_Given data_.
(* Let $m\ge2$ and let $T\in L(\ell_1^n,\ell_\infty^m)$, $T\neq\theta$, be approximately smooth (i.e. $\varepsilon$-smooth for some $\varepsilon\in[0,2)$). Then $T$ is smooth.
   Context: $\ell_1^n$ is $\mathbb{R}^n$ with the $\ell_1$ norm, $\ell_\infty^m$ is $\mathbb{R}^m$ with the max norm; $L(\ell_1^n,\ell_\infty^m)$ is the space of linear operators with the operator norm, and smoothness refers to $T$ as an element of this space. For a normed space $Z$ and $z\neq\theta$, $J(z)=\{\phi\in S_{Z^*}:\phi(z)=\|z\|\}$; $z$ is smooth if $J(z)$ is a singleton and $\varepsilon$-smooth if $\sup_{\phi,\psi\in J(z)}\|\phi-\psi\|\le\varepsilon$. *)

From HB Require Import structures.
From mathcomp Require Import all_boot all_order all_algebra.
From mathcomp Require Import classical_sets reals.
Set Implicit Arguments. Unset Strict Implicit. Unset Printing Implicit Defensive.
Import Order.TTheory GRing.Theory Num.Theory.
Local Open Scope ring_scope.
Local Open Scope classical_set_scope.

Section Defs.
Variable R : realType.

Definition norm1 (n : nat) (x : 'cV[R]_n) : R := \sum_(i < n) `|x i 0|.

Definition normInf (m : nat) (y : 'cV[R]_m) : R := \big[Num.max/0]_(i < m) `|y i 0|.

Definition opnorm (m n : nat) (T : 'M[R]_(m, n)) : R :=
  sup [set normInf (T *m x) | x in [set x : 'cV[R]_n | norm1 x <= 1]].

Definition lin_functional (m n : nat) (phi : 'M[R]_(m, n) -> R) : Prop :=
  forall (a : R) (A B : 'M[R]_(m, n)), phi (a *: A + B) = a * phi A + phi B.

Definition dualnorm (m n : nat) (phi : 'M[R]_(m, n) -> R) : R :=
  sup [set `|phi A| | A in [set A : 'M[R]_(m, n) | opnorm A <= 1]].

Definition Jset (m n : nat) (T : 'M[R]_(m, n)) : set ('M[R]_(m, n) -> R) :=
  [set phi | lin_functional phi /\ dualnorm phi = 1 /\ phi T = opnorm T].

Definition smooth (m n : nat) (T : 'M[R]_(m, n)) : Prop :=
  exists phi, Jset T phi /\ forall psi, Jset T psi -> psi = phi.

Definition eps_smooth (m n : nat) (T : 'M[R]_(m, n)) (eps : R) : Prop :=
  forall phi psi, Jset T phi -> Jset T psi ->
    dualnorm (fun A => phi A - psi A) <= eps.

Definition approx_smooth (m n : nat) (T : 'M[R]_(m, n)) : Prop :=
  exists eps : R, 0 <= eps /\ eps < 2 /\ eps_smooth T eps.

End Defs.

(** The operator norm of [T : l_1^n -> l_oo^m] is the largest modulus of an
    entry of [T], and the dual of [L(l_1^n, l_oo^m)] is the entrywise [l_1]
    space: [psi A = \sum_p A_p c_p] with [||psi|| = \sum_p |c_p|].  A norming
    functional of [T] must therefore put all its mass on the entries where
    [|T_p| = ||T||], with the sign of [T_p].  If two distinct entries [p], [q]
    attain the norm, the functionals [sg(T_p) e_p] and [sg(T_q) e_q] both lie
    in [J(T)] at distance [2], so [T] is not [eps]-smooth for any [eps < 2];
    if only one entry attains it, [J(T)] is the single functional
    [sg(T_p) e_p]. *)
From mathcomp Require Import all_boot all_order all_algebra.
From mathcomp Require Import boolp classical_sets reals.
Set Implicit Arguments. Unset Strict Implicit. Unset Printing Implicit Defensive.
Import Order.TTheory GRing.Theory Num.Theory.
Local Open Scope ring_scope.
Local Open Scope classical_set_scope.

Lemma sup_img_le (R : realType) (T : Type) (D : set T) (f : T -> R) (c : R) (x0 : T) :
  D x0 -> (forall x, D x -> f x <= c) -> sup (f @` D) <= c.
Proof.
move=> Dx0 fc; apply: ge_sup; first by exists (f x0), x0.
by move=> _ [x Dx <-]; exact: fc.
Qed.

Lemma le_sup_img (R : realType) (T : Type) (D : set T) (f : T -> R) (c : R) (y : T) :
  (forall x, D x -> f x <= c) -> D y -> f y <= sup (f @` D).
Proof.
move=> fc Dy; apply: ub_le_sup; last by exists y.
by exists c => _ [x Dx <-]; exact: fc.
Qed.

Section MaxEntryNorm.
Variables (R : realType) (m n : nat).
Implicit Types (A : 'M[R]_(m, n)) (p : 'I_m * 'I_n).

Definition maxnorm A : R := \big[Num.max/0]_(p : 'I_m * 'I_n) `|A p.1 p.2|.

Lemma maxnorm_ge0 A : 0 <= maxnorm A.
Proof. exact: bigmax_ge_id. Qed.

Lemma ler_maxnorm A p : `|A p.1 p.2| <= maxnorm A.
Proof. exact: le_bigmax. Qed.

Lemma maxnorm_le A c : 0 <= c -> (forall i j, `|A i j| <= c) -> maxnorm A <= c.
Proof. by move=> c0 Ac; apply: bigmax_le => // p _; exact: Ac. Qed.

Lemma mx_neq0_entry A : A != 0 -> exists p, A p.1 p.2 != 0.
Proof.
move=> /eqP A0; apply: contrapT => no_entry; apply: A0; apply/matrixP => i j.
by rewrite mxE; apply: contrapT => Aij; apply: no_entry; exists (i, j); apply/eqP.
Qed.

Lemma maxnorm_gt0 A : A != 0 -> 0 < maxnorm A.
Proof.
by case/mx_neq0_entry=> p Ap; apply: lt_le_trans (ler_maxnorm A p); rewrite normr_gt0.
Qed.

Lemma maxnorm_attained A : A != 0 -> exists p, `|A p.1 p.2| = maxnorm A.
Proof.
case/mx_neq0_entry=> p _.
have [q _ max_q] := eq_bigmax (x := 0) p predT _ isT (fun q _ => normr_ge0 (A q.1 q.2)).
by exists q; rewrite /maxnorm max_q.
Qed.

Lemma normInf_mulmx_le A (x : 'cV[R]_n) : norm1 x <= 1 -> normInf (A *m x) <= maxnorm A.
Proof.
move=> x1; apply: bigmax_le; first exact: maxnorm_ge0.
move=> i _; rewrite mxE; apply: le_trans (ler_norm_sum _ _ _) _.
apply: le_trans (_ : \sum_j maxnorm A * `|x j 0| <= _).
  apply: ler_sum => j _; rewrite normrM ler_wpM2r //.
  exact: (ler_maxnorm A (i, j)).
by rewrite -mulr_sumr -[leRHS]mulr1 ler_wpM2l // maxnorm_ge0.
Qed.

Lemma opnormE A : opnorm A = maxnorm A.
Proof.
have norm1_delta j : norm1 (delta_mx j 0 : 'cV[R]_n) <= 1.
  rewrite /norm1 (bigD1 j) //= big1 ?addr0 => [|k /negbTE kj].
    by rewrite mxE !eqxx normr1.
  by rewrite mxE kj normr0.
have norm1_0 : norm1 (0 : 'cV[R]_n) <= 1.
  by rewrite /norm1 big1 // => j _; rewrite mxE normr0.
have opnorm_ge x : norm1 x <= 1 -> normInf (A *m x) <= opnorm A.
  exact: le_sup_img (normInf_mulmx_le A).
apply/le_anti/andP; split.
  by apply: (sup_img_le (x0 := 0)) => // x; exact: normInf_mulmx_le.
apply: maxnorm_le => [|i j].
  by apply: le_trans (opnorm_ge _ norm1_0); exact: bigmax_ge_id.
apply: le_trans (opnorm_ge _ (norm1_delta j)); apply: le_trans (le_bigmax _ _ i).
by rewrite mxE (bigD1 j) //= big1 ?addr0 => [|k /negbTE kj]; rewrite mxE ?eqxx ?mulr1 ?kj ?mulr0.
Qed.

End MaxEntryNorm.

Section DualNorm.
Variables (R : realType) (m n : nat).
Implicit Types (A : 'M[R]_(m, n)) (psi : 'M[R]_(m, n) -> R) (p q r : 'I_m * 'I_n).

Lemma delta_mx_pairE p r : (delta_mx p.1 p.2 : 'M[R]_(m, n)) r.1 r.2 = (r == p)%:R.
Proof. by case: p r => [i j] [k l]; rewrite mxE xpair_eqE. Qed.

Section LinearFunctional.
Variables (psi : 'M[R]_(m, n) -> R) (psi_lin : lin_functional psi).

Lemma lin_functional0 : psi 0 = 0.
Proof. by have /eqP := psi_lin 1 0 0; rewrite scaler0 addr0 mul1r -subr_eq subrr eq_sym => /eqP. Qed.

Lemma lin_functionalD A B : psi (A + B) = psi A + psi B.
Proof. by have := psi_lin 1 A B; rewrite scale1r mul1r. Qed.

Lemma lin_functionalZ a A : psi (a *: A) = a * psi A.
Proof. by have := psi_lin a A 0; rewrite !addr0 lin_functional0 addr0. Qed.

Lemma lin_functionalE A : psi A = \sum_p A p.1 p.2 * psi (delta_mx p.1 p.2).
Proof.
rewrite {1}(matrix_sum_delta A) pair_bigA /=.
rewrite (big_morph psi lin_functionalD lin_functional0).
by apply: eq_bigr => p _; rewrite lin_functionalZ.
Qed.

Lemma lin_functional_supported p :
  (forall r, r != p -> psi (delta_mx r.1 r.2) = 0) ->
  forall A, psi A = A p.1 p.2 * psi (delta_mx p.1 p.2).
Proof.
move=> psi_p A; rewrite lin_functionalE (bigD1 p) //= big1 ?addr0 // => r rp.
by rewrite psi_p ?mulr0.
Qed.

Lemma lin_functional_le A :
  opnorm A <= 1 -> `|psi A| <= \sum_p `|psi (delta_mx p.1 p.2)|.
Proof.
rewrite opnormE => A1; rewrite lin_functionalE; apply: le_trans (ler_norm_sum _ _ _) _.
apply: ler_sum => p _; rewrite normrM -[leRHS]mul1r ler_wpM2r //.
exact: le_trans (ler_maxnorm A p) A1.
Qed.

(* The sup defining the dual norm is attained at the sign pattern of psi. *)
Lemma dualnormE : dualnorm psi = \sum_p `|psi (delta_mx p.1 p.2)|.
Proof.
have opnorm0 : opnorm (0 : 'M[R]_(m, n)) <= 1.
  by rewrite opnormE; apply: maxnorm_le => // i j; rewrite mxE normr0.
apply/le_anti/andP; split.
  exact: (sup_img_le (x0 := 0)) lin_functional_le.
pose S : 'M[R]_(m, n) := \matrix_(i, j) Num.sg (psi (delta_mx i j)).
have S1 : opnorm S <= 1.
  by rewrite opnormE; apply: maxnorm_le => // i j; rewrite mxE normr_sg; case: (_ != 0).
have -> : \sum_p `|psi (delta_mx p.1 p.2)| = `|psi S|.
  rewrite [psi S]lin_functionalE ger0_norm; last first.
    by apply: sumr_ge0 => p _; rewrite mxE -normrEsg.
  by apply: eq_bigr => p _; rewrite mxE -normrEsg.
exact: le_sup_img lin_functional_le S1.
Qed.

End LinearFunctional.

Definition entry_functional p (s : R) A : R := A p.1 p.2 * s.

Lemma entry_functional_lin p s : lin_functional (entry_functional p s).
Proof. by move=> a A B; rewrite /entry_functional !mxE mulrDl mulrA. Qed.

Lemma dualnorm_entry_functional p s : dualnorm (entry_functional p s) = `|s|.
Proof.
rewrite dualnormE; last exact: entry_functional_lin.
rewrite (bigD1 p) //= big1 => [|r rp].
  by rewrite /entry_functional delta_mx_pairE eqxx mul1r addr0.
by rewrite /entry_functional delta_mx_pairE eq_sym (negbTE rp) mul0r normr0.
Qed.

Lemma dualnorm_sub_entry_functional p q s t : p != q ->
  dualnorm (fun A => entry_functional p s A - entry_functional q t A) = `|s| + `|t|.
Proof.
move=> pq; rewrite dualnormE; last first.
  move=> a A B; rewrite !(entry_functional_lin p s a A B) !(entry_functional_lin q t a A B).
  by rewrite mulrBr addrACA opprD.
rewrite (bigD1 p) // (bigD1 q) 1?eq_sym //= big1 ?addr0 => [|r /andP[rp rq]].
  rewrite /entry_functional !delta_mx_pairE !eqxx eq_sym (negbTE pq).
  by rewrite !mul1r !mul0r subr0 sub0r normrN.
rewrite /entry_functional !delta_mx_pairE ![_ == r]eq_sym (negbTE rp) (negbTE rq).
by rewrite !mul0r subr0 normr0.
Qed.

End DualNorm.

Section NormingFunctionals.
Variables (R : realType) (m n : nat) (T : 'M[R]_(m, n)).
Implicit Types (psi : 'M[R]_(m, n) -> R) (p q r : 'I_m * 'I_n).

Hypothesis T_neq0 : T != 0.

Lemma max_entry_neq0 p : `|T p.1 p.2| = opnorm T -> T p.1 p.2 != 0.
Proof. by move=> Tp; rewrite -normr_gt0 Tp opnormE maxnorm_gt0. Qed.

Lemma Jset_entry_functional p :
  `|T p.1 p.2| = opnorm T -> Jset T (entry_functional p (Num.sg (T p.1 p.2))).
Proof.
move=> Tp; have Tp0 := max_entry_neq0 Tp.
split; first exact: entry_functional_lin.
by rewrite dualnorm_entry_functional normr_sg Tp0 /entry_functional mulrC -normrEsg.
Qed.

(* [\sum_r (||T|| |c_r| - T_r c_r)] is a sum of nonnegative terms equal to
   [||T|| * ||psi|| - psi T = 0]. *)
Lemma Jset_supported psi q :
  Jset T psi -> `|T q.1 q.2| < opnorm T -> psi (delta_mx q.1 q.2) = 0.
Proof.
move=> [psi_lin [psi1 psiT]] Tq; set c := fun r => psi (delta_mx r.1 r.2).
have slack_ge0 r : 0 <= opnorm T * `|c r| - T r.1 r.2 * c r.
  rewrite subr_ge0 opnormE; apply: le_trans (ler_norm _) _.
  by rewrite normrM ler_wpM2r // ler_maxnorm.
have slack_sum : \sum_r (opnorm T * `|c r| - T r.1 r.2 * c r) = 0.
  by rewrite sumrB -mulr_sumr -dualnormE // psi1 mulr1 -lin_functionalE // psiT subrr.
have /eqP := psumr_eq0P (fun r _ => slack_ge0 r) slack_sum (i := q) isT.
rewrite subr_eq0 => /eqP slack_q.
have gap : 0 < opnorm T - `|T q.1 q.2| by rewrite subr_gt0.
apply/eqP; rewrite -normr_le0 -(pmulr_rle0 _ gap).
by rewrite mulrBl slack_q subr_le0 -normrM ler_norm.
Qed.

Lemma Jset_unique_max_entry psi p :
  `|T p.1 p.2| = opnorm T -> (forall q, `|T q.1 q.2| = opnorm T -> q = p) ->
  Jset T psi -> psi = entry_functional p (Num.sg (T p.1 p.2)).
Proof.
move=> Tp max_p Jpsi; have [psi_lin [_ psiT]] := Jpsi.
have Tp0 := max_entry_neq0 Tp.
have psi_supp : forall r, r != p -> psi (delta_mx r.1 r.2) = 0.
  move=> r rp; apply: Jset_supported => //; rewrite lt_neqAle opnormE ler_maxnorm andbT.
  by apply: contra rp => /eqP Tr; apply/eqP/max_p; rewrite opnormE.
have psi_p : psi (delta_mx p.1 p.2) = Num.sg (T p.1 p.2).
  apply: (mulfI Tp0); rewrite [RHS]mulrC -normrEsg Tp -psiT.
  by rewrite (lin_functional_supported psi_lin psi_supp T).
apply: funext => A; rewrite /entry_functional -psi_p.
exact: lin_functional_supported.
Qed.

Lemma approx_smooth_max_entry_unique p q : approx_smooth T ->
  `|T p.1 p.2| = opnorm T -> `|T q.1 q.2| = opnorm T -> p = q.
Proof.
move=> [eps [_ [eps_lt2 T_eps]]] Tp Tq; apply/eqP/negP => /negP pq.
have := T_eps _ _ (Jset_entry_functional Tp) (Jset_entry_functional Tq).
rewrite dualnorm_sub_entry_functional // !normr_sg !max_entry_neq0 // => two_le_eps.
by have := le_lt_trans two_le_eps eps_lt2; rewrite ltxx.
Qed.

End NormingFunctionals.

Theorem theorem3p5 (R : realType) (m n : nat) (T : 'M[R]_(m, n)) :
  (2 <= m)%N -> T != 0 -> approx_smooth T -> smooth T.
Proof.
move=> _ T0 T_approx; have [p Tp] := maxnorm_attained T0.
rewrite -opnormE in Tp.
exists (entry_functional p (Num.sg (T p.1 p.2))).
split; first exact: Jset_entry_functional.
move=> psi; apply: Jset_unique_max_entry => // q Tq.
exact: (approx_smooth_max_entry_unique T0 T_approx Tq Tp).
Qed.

_Your instructions_.
Print the lines above from the one with "move=> a A B; rewrite !(entry_functional_lin" through the one with "Implicit Types (psi", both included, exactly as written and nothing more.

_Result of this exercise_.
  move=> a A B; rewrite !(entry_functional_lin p s a A B) !(entry_functional_lin q t a A B).
  by rewrite mulrBr addrACA opprD.
rewrite (bigD1 p) // (bigD1 q) 1?eq_sym //= big1 ?addr0 => [|r /andP[rp rq]].
  rewrite /entry_functional !delta_mx_pairE !eqxx eq_sym (negbTE pq).
  by rewrite !mul1r !mul0r subr0 sub0r normrN.
rewrite /entry_functional !delta_mx_pairE ![_ == r]eq_sym (negbTE rp) (negbTE rq).
by rewrite !mul0r subr0 normr0.
Qed.

End DualNorm.

Section NormingFunctionals.
Variables (R : realType) (m n : nat) (T : 'M[R]_(m, n)).
Implicit Types (psi : 'M[R]_(m, n) -> R) (p q r : 'I_m * 'I_n).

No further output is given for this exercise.